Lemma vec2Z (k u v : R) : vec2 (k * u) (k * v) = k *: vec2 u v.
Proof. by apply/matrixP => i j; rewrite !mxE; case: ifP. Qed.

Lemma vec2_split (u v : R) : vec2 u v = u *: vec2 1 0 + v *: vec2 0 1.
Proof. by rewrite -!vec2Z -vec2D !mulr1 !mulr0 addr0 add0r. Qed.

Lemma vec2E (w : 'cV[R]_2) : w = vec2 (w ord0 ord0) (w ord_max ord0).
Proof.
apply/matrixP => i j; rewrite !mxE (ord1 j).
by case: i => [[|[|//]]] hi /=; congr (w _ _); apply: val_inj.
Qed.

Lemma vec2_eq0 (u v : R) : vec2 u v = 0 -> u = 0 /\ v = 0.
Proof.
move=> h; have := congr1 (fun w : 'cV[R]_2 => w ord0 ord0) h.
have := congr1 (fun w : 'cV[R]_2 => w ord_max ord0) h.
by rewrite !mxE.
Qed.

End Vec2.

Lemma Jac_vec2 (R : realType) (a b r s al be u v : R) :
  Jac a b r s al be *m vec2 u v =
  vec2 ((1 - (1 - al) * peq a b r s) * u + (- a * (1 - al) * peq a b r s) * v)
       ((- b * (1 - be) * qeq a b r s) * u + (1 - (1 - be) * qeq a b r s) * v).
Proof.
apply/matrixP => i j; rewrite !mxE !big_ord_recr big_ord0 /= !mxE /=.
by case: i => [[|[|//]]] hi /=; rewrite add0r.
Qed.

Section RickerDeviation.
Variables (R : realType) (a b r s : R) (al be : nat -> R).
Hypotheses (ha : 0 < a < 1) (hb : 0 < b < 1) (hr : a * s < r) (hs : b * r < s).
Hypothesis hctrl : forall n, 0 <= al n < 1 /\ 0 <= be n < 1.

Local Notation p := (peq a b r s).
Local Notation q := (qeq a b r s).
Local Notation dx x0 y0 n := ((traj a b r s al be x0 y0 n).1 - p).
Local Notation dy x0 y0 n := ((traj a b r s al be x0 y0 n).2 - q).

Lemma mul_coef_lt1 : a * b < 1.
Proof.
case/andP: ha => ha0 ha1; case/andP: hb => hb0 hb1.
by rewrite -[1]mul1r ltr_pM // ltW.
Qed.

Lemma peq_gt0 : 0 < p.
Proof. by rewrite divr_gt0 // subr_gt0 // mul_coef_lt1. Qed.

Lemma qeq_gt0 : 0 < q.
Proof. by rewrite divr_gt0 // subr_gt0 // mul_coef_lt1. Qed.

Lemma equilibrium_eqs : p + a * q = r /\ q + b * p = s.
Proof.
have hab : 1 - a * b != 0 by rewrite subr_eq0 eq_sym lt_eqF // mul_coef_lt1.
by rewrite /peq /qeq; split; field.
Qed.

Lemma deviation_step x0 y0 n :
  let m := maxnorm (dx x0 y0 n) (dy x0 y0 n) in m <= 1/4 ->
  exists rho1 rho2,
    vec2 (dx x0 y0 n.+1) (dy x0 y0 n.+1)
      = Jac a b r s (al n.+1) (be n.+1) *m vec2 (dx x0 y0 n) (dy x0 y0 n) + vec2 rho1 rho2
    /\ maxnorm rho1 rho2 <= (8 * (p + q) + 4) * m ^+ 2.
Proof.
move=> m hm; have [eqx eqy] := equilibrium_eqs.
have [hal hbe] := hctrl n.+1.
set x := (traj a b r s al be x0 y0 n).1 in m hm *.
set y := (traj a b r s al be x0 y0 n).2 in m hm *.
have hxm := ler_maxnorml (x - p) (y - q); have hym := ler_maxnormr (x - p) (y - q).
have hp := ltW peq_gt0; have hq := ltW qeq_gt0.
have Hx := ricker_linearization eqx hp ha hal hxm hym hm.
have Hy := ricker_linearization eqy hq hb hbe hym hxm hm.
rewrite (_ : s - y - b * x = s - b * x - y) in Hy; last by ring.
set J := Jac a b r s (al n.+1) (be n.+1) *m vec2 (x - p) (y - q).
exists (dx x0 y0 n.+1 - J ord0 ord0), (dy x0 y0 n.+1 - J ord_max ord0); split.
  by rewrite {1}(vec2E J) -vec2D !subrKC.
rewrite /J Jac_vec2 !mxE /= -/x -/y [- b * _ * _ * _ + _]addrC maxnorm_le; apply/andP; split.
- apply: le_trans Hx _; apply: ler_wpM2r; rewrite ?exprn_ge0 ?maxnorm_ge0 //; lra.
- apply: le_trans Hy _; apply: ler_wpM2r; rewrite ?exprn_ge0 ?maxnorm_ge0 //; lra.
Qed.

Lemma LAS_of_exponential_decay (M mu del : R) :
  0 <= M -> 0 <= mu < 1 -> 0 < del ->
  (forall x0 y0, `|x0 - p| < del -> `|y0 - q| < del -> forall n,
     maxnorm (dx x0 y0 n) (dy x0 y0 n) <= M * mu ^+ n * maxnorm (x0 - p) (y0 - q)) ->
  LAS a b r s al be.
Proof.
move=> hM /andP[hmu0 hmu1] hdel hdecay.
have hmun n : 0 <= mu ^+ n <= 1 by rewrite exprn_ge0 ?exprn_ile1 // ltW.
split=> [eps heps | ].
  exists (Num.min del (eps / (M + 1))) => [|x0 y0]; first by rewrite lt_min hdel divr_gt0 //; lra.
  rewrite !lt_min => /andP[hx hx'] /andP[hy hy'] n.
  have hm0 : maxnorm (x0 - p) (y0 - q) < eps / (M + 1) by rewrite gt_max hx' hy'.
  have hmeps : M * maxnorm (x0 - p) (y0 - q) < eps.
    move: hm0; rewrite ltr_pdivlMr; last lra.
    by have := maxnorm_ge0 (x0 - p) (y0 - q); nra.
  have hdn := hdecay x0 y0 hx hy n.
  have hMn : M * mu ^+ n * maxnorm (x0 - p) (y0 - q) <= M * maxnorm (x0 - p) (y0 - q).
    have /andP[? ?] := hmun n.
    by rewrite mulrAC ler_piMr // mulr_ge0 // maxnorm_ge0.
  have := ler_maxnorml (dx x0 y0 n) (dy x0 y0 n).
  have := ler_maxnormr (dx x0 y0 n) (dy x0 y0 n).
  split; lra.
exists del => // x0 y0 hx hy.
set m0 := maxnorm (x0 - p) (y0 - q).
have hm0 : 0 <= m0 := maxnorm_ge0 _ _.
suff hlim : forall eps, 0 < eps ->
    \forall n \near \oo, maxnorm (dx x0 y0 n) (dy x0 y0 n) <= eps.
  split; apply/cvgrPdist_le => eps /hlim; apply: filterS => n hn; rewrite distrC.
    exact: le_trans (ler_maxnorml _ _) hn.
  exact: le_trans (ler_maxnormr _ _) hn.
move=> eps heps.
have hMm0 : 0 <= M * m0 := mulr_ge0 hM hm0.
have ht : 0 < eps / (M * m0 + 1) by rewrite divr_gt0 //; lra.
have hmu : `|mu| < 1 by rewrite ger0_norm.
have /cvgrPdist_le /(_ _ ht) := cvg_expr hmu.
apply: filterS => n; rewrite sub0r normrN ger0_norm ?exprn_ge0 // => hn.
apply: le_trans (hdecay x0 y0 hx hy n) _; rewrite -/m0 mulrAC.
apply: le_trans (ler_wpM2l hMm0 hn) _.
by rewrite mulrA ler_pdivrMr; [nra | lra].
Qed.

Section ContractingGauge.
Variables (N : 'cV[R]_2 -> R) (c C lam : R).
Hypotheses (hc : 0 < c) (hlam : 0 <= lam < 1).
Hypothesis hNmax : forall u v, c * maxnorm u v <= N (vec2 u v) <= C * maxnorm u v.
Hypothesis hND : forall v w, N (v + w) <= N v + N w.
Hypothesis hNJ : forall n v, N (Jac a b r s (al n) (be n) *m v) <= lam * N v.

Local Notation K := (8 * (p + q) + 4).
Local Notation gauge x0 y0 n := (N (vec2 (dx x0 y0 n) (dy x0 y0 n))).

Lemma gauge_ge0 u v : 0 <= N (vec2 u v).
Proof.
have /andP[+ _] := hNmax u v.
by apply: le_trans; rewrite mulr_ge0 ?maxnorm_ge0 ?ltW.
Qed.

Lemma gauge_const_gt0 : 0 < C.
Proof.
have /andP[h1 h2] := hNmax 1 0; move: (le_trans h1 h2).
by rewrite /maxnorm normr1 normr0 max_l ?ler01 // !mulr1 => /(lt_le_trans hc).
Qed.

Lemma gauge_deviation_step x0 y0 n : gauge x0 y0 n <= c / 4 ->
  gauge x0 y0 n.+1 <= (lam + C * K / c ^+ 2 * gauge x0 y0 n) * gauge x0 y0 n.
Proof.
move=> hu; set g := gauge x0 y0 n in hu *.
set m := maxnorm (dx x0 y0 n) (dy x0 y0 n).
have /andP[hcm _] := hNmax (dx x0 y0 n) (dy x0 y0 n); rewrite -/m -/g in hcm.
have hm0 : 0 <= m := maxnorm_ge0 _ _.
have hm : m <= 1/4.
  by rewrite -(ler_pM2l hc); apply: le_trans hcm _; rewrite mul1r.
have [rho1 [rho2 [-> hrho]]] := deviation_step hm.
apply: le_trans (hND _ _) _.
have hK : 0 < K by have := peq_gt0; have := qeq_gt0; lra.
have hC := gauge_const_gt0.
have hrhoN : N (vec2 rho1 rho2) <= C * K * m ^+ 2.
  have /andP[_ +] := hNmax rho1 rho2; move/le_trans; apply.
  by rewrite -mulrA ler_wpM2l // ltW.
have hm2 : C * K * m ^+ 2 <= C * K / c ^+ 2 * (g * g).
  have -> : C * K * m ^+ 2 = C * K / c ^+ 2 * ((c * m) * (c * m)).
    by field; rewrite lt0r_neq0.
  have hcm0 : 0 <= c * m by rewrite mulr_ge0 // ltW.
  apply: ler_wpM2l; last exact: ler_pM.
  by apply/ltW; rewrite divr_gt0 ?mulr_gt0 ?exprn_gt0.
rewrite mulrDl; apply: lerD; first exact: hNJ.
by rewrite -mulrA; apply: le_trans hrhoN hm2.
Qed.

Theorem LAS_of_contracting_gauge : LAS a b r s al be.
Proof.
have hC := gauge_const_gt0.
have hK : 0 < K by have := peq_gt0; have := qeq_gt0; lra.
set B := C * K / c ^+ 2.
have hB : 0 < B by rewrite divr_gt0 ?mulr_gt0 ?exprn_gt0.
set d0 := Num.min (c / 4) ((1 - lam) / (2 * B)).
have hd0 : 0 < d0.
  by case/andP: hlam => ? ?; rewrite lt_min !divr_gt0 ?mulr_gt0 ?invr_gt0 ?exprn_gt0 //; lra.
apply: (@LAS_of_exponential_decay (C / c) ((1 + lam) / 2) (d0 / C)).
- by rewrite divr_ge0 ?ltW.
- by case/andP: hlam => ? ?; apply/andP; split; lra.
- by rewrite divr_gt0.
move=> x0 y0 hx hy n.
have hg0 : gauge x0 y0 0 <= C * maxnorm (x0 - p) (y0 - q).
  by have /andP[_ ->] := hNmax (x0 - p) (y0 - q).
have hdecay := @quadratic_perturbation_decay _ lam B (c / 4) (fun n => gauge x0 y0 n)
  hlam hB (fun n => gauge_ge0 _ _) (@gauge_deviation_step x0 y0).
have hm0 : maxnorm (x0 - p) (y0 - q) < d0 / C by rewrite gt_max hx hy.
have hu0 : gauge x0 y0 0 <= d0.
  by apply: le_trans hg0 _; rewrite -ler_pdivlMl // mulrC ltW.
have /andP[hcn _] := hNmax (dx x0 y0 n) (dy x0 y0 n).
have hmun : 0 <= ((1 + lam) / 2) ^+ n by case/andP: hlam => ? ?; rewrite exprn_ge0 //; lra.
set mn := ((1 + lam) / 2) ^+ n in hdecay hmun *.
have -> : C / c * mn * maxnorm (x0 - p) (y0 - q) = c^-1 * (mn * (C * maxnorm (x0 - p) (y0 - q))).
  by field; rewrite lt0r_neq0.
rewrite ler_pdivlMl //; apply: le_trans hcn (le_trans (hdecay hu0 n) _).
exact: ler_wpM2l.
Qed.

====

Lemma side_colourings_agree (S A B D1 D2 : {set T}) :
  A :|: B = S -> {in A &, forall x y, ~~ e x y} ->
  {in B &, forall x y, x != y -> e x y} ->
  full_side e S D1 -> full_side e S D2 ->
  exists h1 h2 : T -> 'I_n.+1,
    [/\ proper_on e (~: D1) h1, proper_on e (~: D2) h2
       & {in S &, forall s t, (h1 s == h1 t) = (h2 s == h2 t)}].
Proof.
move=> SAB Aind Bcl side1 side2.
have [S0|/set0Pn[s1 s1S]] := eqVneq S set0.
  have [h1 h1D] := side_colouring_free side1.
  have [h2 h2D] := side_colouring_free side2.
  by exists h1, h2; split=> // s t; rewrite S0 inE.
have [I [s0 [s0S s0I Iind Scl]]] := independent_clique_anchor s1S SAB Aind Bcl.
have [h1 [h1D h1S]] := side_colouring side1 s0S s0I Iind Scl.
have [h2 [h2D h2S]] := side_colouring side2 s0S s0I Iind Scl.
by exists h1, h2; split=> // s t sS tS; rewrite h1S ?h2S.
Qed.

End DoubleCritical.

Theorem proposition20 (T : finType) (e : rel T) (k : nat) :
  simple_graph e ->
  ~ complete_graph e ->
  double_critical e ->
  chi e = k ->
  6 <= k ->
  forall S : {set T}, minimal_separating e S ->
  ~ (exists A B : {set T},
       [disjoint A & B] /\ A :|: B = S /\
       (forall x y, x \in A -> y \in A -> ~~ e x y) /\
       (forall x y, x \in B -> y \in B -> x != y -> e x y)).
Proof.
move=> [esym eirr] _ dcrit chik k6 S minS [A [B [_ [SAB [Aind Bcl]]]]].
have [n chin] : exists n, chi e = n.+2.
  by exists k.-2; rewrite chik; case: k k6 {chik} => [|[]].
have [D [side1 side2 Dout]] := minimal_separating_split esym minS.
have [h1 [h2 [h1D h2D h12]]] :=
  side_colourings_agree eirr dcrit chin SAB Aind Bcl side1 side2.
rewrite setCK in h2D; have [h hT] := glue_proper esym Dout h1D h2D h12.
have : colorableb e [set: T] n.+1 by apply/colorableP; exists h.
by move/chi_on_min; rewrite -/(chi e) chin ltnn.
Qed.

====

- [WHAT NEEDS TO BE DONE] Every line of the listing above that contains "filterS" is to be copied.

- [RESPONSE BOX]
  split; apply/cvgrPdist_le => eps /hlim; apply: filterS => n hn; rewrite distrC.
apply: filterS => n; rewrite sub0r normrN ger0_norm ?exprn_ge0 // => hn.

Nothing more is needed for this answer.